**** DATA EXTRACT ****

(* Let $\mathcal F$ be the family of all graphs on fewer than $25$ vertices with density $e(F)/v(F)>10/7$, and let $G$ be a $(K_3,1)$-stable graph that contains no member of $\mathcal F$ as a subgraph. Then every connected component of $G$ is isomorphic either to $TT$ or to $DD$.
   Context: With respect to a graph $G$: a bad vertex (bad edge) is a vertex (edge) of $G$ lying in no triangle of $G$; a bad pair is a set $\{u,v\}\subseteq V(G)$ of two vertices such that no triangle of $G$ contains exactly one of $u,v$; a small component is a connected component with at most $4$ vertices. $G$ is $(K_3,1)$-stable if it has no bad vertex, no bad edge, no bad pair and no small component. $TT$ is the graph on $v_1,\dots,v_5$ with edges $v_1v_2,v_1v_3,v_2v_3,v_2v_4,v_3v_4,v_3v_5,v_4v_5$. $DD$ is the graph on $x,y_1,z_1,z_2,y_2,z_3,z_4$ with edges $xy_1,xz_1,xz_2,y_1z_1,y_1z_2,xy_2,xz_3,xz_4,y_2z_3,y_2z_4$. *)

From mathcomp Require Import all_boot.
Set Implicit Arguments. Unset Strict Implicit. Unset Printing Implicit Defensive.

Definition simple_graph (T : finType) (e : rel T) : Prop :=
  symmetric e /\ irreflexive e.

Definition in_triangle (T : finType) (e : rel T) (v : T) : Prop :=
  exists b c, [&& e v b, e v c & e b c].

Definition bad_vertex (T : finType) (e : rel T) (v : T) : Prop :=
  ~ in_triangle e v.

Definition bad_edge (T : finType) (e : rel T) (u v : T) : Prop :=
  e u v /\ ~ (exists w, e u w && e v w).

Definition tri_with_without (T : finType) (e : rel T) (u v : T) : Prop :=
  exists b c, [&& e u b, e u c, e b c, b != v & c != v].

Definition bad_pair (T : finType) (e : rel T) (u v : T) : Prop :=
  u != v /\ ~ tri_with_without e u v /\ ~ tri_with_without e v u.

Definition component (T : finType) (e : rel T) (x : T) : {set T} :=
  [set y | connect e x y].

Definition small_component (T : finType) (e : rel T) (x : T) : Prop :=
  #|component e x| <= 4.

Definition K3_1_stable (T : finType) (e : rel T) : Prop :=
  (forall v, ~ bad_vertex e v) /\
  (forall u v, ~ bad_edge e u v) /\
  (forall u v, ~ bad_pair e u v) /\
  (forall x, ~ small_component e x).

****
**** DATA EXTRACT ****

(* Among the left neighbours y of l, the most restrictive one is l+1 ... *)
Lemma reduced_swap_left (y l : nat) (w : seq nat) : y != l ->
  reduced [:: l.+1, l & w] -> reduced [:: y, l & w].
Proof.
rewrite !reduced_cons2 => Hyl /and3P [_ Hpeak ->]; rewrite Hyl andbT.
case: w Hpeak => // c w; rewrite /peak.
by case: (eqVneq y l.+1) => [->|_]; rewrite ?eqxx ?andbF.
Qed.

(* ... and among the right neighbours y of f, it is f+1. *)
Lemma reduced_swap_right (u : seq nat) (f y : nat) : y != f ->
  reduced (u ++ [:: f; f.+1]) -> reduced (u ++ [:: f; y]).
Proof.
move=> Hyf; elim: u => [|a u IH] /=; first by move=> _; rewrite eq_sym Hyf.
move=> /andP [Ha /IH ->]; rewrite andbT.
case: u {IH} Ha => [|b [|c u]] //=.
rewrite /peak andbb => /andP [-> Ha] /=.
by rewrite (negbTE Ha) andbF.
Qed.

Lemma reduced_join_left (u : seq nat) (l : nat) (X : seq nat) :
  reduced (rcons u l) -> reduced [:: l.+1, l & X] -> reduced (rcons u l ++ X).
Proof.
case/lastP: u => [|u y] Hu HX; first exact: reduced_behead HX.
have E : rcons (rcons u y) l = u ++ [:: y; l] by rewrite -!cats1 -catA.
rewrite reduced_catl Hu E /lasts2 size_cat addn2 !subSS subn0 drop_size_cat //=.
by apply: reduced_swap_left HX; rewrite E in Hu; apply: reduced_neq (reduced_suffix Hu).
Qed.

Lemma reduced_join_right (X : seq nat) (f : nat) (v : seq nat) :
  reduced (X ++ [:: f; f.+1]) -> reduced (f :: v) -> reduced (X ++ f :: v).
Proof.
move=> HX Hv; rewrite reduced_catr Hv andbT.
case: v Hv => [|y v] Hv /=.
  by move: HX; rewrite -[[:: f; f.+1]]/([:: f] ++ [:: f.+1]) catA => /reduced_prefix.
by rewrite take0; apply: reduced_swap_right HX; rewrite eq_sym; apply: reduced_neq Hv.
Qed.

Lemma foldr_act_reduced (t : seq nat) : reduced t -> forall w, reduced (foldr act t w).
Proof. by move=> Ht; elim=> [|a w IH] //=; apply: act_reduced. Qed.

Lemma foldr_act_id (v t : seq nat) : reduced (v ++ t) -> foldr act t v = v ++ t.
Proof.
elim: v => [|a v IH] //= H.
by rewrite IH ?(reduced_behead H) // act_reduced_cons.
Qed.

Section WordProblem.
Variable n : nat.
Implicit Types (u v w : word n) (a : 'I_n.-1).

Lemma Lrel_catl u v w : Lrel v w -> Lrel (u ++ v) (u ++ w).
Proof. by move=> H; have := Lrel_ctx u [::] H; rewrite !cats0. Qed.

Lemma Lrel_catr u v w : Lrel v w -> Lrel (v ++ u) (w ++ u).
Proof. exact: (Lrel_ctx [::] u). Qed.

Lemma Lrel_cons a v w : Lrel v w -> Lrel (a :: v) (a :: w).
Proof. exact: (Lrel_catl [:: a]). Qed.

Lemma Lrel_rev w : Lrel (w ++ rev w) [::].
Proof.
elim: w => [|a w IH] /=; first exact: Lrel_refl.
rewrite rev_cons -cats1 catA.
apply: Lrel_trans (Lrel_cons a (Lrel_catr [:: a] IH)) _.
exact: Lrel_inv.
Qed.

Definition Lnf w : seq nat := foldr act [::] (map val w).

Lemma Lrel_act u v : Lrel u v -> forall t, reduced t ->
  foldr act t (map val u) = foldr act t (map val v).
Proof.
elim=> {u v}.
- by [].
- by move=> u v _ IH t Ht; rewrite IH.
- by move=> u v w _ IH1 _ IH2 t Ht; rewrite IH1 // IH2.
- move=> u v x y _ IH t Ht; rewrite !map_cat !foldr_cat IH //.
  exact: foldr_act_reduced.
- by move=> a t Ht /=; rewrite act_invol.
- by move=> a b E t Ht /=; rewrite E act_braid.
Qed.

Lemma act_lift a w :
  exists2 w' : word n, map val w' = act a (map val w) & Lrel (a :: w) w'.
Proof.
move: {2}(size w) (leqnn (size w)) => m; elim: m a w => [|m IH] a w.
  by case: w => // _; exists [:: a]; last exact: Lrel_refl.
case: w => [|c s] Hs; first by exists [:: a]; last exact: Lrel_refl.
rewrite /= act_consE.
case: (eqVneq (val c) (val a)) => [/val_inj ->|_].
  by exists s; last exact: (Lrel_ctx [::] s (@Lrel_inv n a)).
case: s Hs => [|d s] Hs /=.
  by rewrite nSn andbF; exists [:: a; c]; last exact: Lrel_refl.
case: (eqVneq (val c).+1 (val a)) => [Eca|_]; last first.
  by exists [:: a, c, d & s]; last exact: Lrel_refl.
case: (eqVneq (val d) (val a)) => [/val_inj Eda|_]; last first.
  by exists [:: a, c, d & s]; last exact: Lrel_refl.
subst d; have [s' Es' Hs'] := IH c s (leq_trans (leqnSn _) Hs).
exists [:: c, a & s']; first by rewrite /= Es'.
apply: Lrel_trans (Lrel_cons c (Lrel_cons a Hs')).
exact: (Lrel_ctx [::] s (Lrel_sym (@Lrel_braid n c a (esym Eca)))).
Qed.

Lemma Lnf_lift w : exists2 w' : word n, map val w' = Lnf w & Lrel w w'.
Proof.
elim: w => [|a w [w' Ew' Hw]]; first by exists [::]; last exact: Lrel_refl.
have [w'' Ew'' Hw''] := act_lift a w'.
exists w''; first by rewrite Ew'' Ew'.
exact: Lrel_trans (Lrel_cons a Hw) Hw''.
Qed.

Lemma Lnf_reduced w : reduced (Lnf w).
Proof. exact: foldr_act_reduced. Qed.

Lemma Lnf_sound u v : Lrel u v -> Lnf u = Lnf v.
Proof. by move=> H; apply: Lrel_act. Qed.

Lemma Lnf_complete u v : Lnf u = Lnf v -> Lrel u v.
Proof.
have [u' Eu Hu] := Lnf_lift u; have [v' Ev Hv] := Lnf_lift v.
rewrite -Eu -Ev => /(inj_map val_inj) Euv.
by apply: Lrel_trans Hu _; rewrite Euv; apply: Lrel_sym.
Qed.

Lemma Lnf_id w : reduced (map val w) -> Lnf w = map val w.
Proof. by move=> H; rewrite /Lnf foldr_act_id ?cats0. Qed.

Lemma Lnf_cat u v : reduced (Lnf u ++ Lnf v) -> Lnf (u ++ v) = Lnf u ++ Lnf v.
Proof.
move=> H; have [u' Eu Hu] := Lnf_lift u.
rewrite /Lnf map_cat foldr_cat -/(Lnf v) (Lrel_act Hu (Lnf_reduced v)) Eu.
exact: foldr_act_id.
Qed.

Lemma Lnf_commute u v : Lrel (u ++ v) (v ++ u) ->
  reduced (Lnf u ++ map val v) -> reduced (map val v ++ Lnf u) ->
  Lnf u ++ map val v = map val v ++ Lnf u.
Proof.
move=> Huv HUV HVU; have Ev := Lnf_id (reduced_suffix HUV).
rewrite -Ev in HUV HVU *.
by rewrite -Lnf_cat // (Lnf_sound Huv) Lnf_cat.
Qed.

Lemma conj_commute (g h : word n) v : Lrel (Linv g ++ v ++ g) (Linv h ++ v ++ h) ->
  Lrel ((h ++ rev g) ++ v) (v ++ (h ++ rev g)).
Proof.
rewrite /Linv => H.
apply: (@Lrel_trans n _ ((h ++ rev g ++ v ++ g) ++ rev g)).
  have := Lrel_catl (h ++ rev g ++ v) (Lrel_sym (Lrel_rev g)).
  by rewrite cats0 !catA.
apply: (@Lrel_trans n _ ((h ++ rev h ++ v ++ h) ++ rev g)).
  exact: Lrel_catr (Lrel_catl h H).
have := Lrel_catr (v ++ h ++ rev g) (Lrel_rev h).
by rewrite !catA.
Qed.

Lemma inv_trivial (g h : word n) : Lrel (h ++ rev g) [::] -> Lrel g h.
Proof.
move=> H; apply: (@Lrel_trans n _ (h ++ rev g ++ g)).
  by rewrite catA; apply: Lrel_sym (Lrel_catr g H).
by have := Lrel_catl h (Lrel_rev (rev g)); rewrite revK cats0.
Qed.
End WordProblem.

****

> **EXERCISE BRIEF**: Across the records, count the lines holding the string "catA". Give the number and stop.

> **SOLUTION BELOW**: 6